Supreme Court of Idaho
Jun 30, 1930
49 Idaho 511 (Idaho 1930)

Opinion

No. 5534.

June 30, 1930.

APPEAL from the District Court of the Eighth Judicial District, for Kootenai County. Hon. W.F. McNaughton, Judge.

Action for compensation. Judgment for the defendant. Affirmed.

Frank Langley, for Appellant.

Under the workmen's compensation law the acceleration or aggravation of a latent bodily defect or disease through injury sustained by accident in course of employment is compensable. ( Larson v. Blackwell Lumber Co., 48 Idaho 136, 279 Pac. 1087; Pinyon Queen Min. Co. v. Industrial Commission of Utah, 59 Utah, 402, 204 P. 323.)

Absolute proof that disability resulted from injury is not required. ( McNeil v. Panhandle Lumber Co., 34 Idaho 773, 203 P. 1068.)

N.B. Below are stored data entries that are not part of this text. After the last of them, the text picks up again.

Lemma Q_decreasing y1 y2 : y1 < y2 -> Q y2 < Q y1.
Proof.
  intros H; destruct (MVT_cor2 Q (fun y => - phi y) y1 y2 H) as [c [Hc _]].
  - intros; apply Q_deriv.
  - pose proof (phi_pos c); nra.
Qed.

Lemma Q_le y1 y2 : y1 <= y2 -> Q y2 <= Q y1.
Proof. intros [H| ->]; [left; apply Q_decreasing|]; lra. Qed.

Lemma nonincreasing_vanishing_ge0 (f f' : R -> R) (a : R) :
  (forall t, a < t -> derivable_pt_lim f t (f' t)) ->
  (forall t, a < t -> f' t <= 0) ->
  vanishes_at_infty f ->
  forall y, a < y -> 0 <= f y.
Proof.
  intros Hd Hn Hl y Hy.
  destruct (Rle_or_lt 0 (f y)) as [|Hneg]; auto; exfalso.
  destruct (Hl (- f y)) as [M HM]; [lra|].
  set (Y := Rmax (y + 1) (M + 1)).
  pose proof (Rmax_l (y + 1) (M + 1)); pose proof (Rmax_r (y + 1) (M + 1)).
  destruct (MVT_cor2 f f' y Y) as [c [Hc Hc2]]; [unfold Y; lra| |].
  { intros; apply Hd; lra. }
  assert (f' c <= 0) by (apply Hn; lra).
  assert (f Y - f y <= 0) by (rewrite Hc; unfold Y in *; nra).
  specialize (HM Y ltac:(unfold Y; lra)).
  apply Rabs_def2 in HM; lra.
Qed.

Lemma vanishes_minus f g :
  vanishes_at_infty f -> vanishes_at_infty g -> vanishes_at_infty (fun y => f y - g y).
Proof.
  intros Hf Hg eps Heps.
  destruct (Hf (eps / 2)) as [M1 H1]; [lra|]; destruct (Hg (eps / 2)) as [M2 H2]; [lra|].
  exists (Rmax M1 M2); intros y Hy.
  pose proof (Rmax_l M1 M2); pose proof (Rmax_r M1 M2).
  specialize (H1 y ltac:(lra)); specialize (H2 y ltac:(lra)).
  unfold Rminus; eapply Rle_lt_trans; [apply Rabs_triang|]; rewrite Rabs_Ropp; lra.
Qed.

Lemma vanishes_of_inv_bound f C :
  (forall y, 1 <= y -> Rabs (f y) <= C / y) -> vanishes_at_infty f.
Proof.
  intros Hf eps Heps; exists (Rmax 1 (Rabs C / eps)); intros y Hy.
  pose proof (Rmax_l 1 (Rabs C / eps)); pose proof (Rmax_r 1 (Rabs C / eps)).
  eapply Rle_lt_trans; [apply Hf; lra|].
  apply Rle_lt_trans with (Rabs C / y); [apply Rmult_le_compat_r;
    [left; apply Rinv_0_lt_compat; lra | apply RRle_abs]|].
  apply Rmult_lt_reg_r with y; [lra|]; unfold Rdiv; rewrite Rmult_assoc, Rinv_l by lra.
  apply Rmult_lt_reg_r with (/ eps); [apply Rinv_0_lt_compat; lra|].
  replace (eps * y * / eps) with y by (field; lra); lra.
Qed.
(* Let $\Omega$ be a discrete signature, let $A$ be a profinite $\Omega$-algebra, and let $\theta$ be a closed congruence on $A$ of countable index (i.e., $A/\theta$ is countable). Then the quotient topological algebra $A/\theta$ (with the quotient topology) is profinite.
   Context: A signature is a disjoint union $\Omega=\biguplus_{n\in\mathbb{N}}\Omega_n$; it is discrete if each $\Omega_n$ carries the discrete topology. A topological $\Omega$-algebra is a topological space $A$ with continuous evaluation maps $E_n^A:\Omega_n\times A^n\to A$. Compact spaces are Hausdorff by convention. A topological algebra is profinite if it is compact and, for any two distinct elements, there is a continuous homomorphism into a finite discrete $\Omega$-algebra separating them. A congruence is closed if it is a closed subset of $A\times A$. *)

From HB Require Import structures.
From mathcomp Require Import all_boot all_algebra generic_quotient.
From mathcomp Require Import boolp classical_sets functions cardinality.
From mathcomp Require Import topology.

Set Implicit Arguments.
Unset Strict Implicit.
Unset Printing Implicit Defensive.

Local Open Scope classical_set_scope.
Local Open Scope quotient_scope.
(* Under the setting below, suppose additionally that $\underline y\le Y(a_{1:t})\le\overline y$ almost surely. If $\mathbb{P}(A_{1:t}=a_{1:t}\mid X_{0:N}(A_{1:N})\in B_{0:N})>\mathbb{P}(A_{1:t}=a_{1:t})$, then $$\mathbb{E}[\overline Y]-\mathbb{E}[\underline Y]>\mathbb{E}[\overline Y\mid X_{0:N}(A_{1:N})\in B_{0:N}]-\mathbb{E}[\underline Y\mid X_{0:N}(A_{1:N})\in B_{0:N}].$$
   Context: Horizon $T\ge1$, $\mathcal{X}_t=\mathbb{R}^{d_t}$, finite action spaces $\mathcal{A}_t$; potential outcomes $X_0$, $X_t(a_{1:t})\in\mathcal{X}_t$, random actions $A_{1:T}$, and real-valued potential outcomes $Y(a_{1:t})$ defined jointly; $X_{0:t}(a_{1:t})=(X_0,X_1(a_1),\dots,X_t(a_{1:t}))$. Fixed $t\in\{1,\dots,T\}$, $a_{1:t}\in\mathcal{A}_{1:t}$, measurable $B_{0:t}=B_0\times\cdots\times B_t$ with $\mathbb{P}(X_{0:t}(a_{1:t})\in B_{0:t})>0$, and $\underline y,\overline y\in\mathbb{R}$. $N=\max\{0\le s\le t:A_{1:s}=a_{1:s}\}$; $\underline Y=\mathbb{1}(A_{1:t}=a_{1:t})Y(A_{1:t})+\mathbb{1}(A_{1:t}\ne a_{1:t})\underline y$ and $\overline Y$ likewise with $\overline y$. Quantities evaluated at random actions denote the potential outcome indexed by the realized actions. *)

From HB Require Import structures.
From mathcomp Require Import all_boot all_order all_algebra.
From mathcomp Require Import all_classical all_reals all_analysis.
Set Implicit Arguments. Unset Strict Implicit. Unset Printing Implicit Defensive.
Import Order.TTheory GRing.Theory Num.Theory.
Local Open Scope classical_set_scope.
Local Open Scope ring_scope.

(* Action histories a_{1:s} = (a_1,...,a_s), with a_j in Act j. *)
Definition hist (Act : nat -> finType) (s : nat) := forall i : 'I_s, Act i.+1.

Section defs.
Context (Omega : Type) (Act : nat -> finType).
Variable A : forall i : nat, Omega -> Act i.

Definition Ahist (s : nat) (w : Omega) : hist Act s := fun i => A i.+1 w.
Arguments Ahist s w i : clear implicits.

Definition prefix_match (t : nat) (a : hist Act t) (s : nat) (w : Omega) : bool :=
  [forall i : 'I_t, (i < s)%N ==> (A i.+1 w == a i)].

Definition full_match (t : nat) (a : hist Act t) (w : Omega) : bool :=
  [forall i : 'I_t, A i.+1 w == a i].

Definition Nidx (t : nat) (a : hist Act t) (w : Omega) : nat :=
  (\max_(s < t.+1 | prefix_match a s w) (s : nat))%N.

Definition eventXB (d : nat -> nat) (R : Type)
  (X : forall s : nat, hist Act s -> Omega -> (d s).-tuple R)
  (B : forall s : nat, set ((d s).-tuple R)) (t : nat) (a : hist Act t) : set Omega :=
  [set w | forall s : 'I_t.+1, (s <= Nidx a w)%N -> B s (X s (Ahist s w) w)].

(* underline Y / overline Y with fallback value y0 *)
Definition Ybound (R : Type) (Y : forall s : nat, hist Act s -> Omega -> R)
  (t : nat) (a : hist Act t) (y0 : R) (w : Omega) : R :=
  if full_match a w then Y t (Ahist t w) w else y0.
End defs.
Arguments Ahist {Omega Act} A s w i.
Arguments prefix_match {Omega Act} A {t} a s w.
Arguments full_match {Omega Act} A {t} a w.
Arguments Nidx {Omega Act} A {t} a w.
Arguments eventXB {Omega Act} A {d R} X B {t} a.
Arguments Ybound {Omega Act} A {R} Y {t} a y0 w.

Section prob.
Context (d : measure_display) (Omega : measurableType d) (R : realType).
Variable P : probability Omega R.

Definition expect (f : Omega -> R) : R := fine (\int[P]_x (f x)%:E).

Definition cond_expect (f : Omega -> R) (E : set Omega) : R :=
  fine (\int[P]_(x in E) (f x)%:E) / fine (P E).

Definition prob (F : set Omega) : R := fine (P F).

Definition cond_prob (F E : set Omega) : R := fine (P (F `&` E)) / fine (P E).
End prob.

(* Writing F for the event {A_{1:t} = a_{1:t}}, the bounds Ybar and Yunder agree on F
   and differ by the constant yhi - ylo off F. Hence, conditionally on any event E of
   positive probability (including E = Omega), E[Ybar | E] - E[Yunder | E] equals
   (yhi - ylo) (1 - P(F | E)), and the claim is the hypothesis P(F | E) > P(F)
   multiplied by yhi - ylo > 0. The event {s <= N} is {A_{1:s} = a_{1:s}}, which makes
   {X_{0:N}(A_{1:N}) in B_{0:N}} a finite intersection of measurable events; the
   almost sure bounds on Y only serve to make all expectations finite. *)

From HB Require Import structures.
From mathcomp Require Import all_boot all_order all_algebra.
From mathcomp Require Import all_classical all_reals all_analysis.
From mathcomp Require Import measurable_realfun.
From mathcomp Require Import ring lra.
Import Order.TTheory GRing.Theory Num.Theory.
Local Open Scope classical_set_scope.
Local Open Scope ring_scope.

Lemma measurable_forall d (T : measurableType d) (I : finType) (Q : I -> set T) :
  (forall i, measurable (Q i)) -> measurable [set x | forall i, Q i x].
Proof.
move=> mQ; rewrite (_ : [set x | _] = \bigcap_(i in setT) Q i).
  by apply: fin_bigcap_measurable => //; exact: finite_finset.
by apply/seteqP; split=> x /= Qx i //; exact: Qx.
Qed.

Section histories.
Context {Omega : Type} {Act : nat -> finType} {A : forall i : nat, Omega -> Act i}.

Definition hist_take {t} (a : hist Act t) (s : 'I_t.+1) : hist Act s :=
  fun i : 'I_s => a (widen_ord (ltnSE (ltn_ord s)) i).

Lemma full_match_Ahist {t} {a : hist Act t} {w} : full_match A a w -> Ahist A t w = a.
Proof. by move/forallP=> Aa; apply: functional_extensionality_dep => i; exact/eqP. Qed.

Lemma prefix_match_Ahist {t} {a : hist Act t} {s : 'I_t.+1} {w} :
  prefix_match A a s w -> Ahist A s w = hist_take a s.
Proof.
move/forallP=> Aa; apply: functional_extensionality_dep => i.
by have /implyP/(_ (ltn_ord i))/eqP := Aa (widen_ord (ltnSE (ltn_ord s)) i).
Qed.

Lemma leq_Nidx {t} (a : hist Act t) (s : 'I_t.+1) w :
  (s <= Nidx A a w)%N = prefix_match A a s w.
Proof.
apply/idP/idP => [|Aa]; last exact: (leq_bigmax_cond _ Aa).
have ne : (0 < #|[pred s : 'I_t.+1 | prefix_match A a s w]|)%N.
  by apply/card_gt0P; exists ord0; rewrite inE; apply/forallP.
have [N AaN maxN] := eq_bigmax_cond (fun s : 'I_t.+1 => (s : nat)) ne.
rewrite inE in AaN; rewrite /Nidx maxN => sN; apply/forallP => i; apply/implyP => si.
by have /implyP := forallP AaN i; apply; exact: leq_trans si sN.
Qed.

Lemma eventXB_prefix {dim : nat -> nat} {R : Type}
    (X : forall s : nat, hist Act s -> Omega -> (dim s).-tuple R)
    (B : forall s : nat, set ((dim s).-tuple R)) {t} (a : hist Act t) :
  eventXB A X B a =
  [set w | forall s : 'I_t.+1, prefix_match A a s w -> B s (X s (hist_take a s) w)].
Proof.
apply/seteqP; split=> w /= XB s Aa.
  by have := XB s; rewrite leq_Nidx (prefix_match_Ahist Aa); apply.
by rewrite leq_Nidx in Aa; rewrite (prefix_match_Ahist Aa); exact: XB.
Qed.

Lemma Ybound_full {R : Type} (Y : forall s : nat, hist Act s -> Omega -> R)
    {t} (a : hist Act t) (y0 : R) :
  Ybound A Y a y0 = fun w => if full_match A a w then Y t a w else y0.
Proof. by apply: funext => w; rewrite /Ybound; case: ifP => // /full_match_Ahist ->. Qed.
End histories.
Arguments hist_take {Act t} a s i.

Section measurable_histories.
Context {d : measure_display} {Omega : measurableType d} {Act : nat -> finType}
  {A : forall i : nat, Omega -> Act i}
  (mA : forall (i : nat) (v : Act i), measurable (A i @^-1` [set v])).

Lemma measurable_full_match {t} (a : hist Act t) : measurable [set w | full_match A a w].
Proof.
rewrite (_ : [set w | _] = [set w | forall i : 'I_t, (A i.+1 @^-1` [set a i]) w]).
  by apply: measurable_forall => i; exact: mA.
apply/seteqP; split=> w /=; first by move/forallP => Aa i; apply/eqP/Aa.
by move=> Aa; apply/forallP => i; apply/eqP/Aa.
Qed.

Lemma measurable_prefix_match {t} (a : hist Act t) s :
  measurable [set w | prefix_match A a s w].
Proof.
rewrite (_ : [set w | _] = [set w | forall i : 'I_t,
    (if (i < s)%N then A i.+1 @^-1` [set a i] else setT) w]).
  by apply: measurable_forall => i; case: ifP => _ //; exact: mA.
apply/seteqP; split=> w /=.
  by move/forallP => Aa i; have := Aa i; case: ifP => //= _ /eqP.
by move=> Aa; apply/forallP => i; have := Aa i; case: ifP => //= _ ->.
Qed.

Lemma measurable_eventXB {dim : nat -> nat} {R : realType}
    (X : forall s : nat, hist Act s -> Omega -> (dim s).-tuple R)
    (B : forall s : nat, set ((dim s).-tuple R)) {t} (a : hist Act t) :
  (forall s h, measurable_fun setT (X s h)) -> (forall s, measurable (B s)) ->
  measurable (eventXB A X B a).
Proof.
move=> mX mB; rewrite eventXB_prefix.
rewrite (_ : [set w | _] = [set w | forall s : 'I_t.+1,
    (~` [set w | prefix_match A a s w] `|` X s (hist_take a s) @^-1` B s) w]).
  apply: measurable_forall => s; apply: measurableU.
    exact/measurableC/measurable_prefix_match.
  by rewrite -[_ @^-1` _]setTI; exact: mX measurableT _ (mB s).
apply/seteqP; split=> w /= XB s.
  by have [Aa|] := boolP (prefix_match A a s w); [right; exact: XB | left].
by move=> Aa; case: (XB s).
Qed.
End measurable_histories.

Section finite_measure_integrals.
Context {d : measure_display} {T : measurableType d} {R : realType}.
Variable mu : {finite_measure set T -> \bar R}.

Lemma integrable_ae_bounded D (f : T -> R) lo hi :
  measurable D -> measurable_fun D f -> {ae mu, forall x, lo <= f x <= hi} ->
  mu.-integrable D (EFin \o f).
Proof.
move=> mD mf fb; apply/integrableP; split; first exact/measurable_EFinP.
apply: (@le_lt_trans _ _ (\int[mu]_(x in D) (`|lo| + `|hi|)%:E)%E).
  apply: ae_ge0_le_integral => //.
    exact/measurableT_comp/measurable_EFinP.
  apply: filterS fb => x /andP[lof fhi] _; rewrite /= lee_fin.
  have := normr_ge0 lo; have := normr_ge0 hi; have := ler_norm hi.
  by have := ler_norm (- lo); rewrite normrN ler_norml => *; apply/andP; split; lra.
by rewrite integral_cst // ltey_eq fin_numM ?fin_num_measure.
Qed.

Lemma integral_if_cstB {D} {b : T -> bool} {f : T -> R} {lo hi} y1 y0 :
  measurable D -> measurable [set x | b x] -> measurable_fun setT f ->
  {ae mu, forall x, lo <= f x <= hi} ->
  fine (\int[mu]_(x in D) (if b x then f x else y1)%:E)
    - fine (\int[mu]_(x in D) (if b x then f x else y0)%:E)
  = (y1 - y0) * fine (mu (D `\` [set x | b x])).
Proof.
move=> mD mb mf fb.
have mbf : measurable_fun setT b by apply: (measurable_fun_bool true); rewrite setTI.
have ib y : mu.-integrable D (EFin \o (fun x => if b x then f x else y)).
  apply: (@integrable_ae_bounded _ _ (Num.min lo y) (Num.max hi y) mD).
    exact: measurable_funS (subsetT D) (measurable_fun_ifT mbf mf (measurable_cst y)).
  apply: filterS fb => x /andP[lof fhi].
  by case: (b x); rewrite ge_min le_max ?lof ?fhi ?lexx ?orbT.
have fin y : (\int[mu]_(x in D) (if b x then f x else y)%:E)%E \is a fin_num.
  exact: integrable_fin_num (ib y).
rewrite -fineB // -(integralB_EFin mD (ib y1) (ib y0)).
rewrite (eq_integral (fun x => (y1 - y0)%:E * (\1_(~` [set x | b x]) x)%:E)%E); last first.
  move=> x _; rewrite indicE -EFinM; congr EFin.
  have [bx|nbx] := boolP (b x); rewrite in_setC.
    by rewrite (mem_set (A := [set x | b x]) bx) subrr mulr0.
  by rewrite (memNset (A := [set x | b x])) ?mulr1 //; apply/negP.
have mCb : measurable (~` [set x | b x]) by exact: measurableC.
rewrite (integralZl mD (integrableS measurableT mD (subsetT D) (integrable_indic mu mCb))).
rewrite integral_indic // setIC -setDE fineM //.
exact/fin_num_measure/measurableD.
Qed.
End finite_measure_integrals.

Section conditioning.
Context {d : measure_display} {Omega : measurableType d} {R : realType}.
Variable P : probability Omega R.

Lemma expect_cond_setT (f : Omega -> R) : expect P f = cond_expect P f setT.
Proof. by rewrite /cond_expect probability_setT divr1. Qed.

Lemma prob_cond_setT (F : set Omega) : prob P F = cond_prob P F setT.
Proof. by rewrite /cond_prob setIT probability_setT divr1. Qed.

Lemma cond_expect_if_cstB {E} {b : Omega -> bool} {f : Omega -> R} {lo hi} y1 y0 :
  measurable E -> (0 < P E)%E -> measurable [set x | b x] -> measurable_fun setT f ->
  {ae P, forall x, lo <= f x <= hi} ->
  cond_expect P (fun x => if b x then f x else y1) E
    - cond_expect P (fun x => if b x then f x else y0) E
  = (y1 - y0) * (1 - cond_prob P [set x | b x] E).
Proof.
move=> mE PE mb mf fb; have finE S : measurable S -> P S \is a fin_num.
  exact: fin_num_measure.
rewrite /cond_expect /cond_prob -mulrBl (integral_if_cstB _ _ _ mE mb mf fb).
rewrite measureD ?ltey_eq ?finE // fineB ?finE //; last exact: measurableI.
have : fine (P E) != 0 by rewrite gt_eqF // fine_gt0 // PE ltey_eq finE.
by rewrite [_ `&` E]setIC => ?; field.
Qed.
End conditioning.

Theorem proposition4p5
  (R : realType) (dO : measure_display) (Omega : measurableType dO)
  (P : probability Omega R)
  (T : nat) (dim : nat -> nat) (Act : nat -> finType)
  (X : forall s : nat, hist Act s -> Omega -> (dim s).-tuple R)
  (A : forall i : nat, Omega -> Act i)
  (Y : forall s : nat, hist Act s -> Omega -> R)
  (hX : forall (s : nat) (h : hist Act s), measurable_fun setT (X s h))
  (hA : forall (i : nat) (v : Act i), measurable (A i @^-1` [set v]))
  (hY : forall (s : nat) (h : hist Act s), measurable_fun setT (Y s h))
  (t : nat) (ht1 : (1 <= t)%N) (htT : (t <= T)%N)
  (a : hist Act t)
  (B : forall s : nat, set ((dim s).-tuple R))
  (hB : forall s : nat, measurable (B s))
  (hpos : (0 < P [set w | forall s : 'I_t.+1,
                            B s (X s (fun i : 'I_s => a (widen_ord (ltnSE (ltn_ord s)) i)) w)])%E)
  (ylo yhi : R) (hlohi : ylo < yhi)
  (hbd : {ae P, forall w, ylo <= Y t a w <= yhi}) :
  cond_prob P [set w | full_match A a w] (eventXB A X B a)
    > prob P [set w | full_match A a w] ->
  expect P (Ybound A Y a yhi) - expect P (Ybound A Y a ylo)
    > cond_expect P (Ybound A Y a yhi) (eventXB A X B a)
      - cond_expect P (Ybound A Y a ylo) (eventXB A X B a).
Proof.
move=> more_likely.
have mF := measurable_full_match hA a.
have mE := measurable_eventXB hA X B a hX hB.
have PE : (0 < P (eventXB A X B a))%E.
  apply: (lt_le_trans hpos); apply: le_measure; rewrite ?inE //.
    apply: measurable_forall => s.
    by have := hX s (hist_take a s) measurableT _ (hB s); rewrite setTI.
  by rewrite eventXB_prefix => w XB s _; exact: XB.
rewrite !Ybound_full !expect_cond_setT.
rewrite !(cond_expect_if_cstB P _ _ _ _ mF (hY t a) hbd) //.
  by rewrite ltr_pM2l ?subr_gt0 // ltrD2l ltrN2 -prob_cond_setT.
by rewrite probability_setT.
Qed.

On appeal from award by industrial accident board and from judgment of district court, the supreme court will set aside the same if not supported by substantial and competent evidence. ( Larson v. Blackwell Lumber Co., supra; Brady v. Place, 41 Idaho 747, 242 P. 314, 243 P. 654.)

R.M. Cummins and Harry M. Morey, for Respondents.

The burden is on the claimant in compensation cases, just as in common-law actions, to prove his case, that is, to prove that he had an injury by accident and that the disability resulted therefrom. ( Singlaub v. Industrial Acc. Com., 87 Cal.App. 324, 262 P. 411; Aetna Life Ins. Co. v. Industrial Commission of Utah, 64 Utah, 415, 231 P. 442; 28 R. C. L., p. 812, par. 99; Hawkins v. Bonner County, 46 Idaho 739, 271 P. 327.)


Oscar Larson, while working for the respondent, received an injury by a board falling on his leg for which he received compensation. Some fourteen months thereafter he suffered a stroke of paralysis from which he soon after died. Prior to his death, however, he filed a petition with the Industrial Accident Board to reopen his case on the ground of a change in conditions occasioned by the paralysis, which he claimed was caused by the leg injury. The Industrial Accident Board denied the petition and this was affirmed by the district court. The decedent's widow, as administratrix of his estate, has been regularly substituted as the claimant and appellant in this appeal.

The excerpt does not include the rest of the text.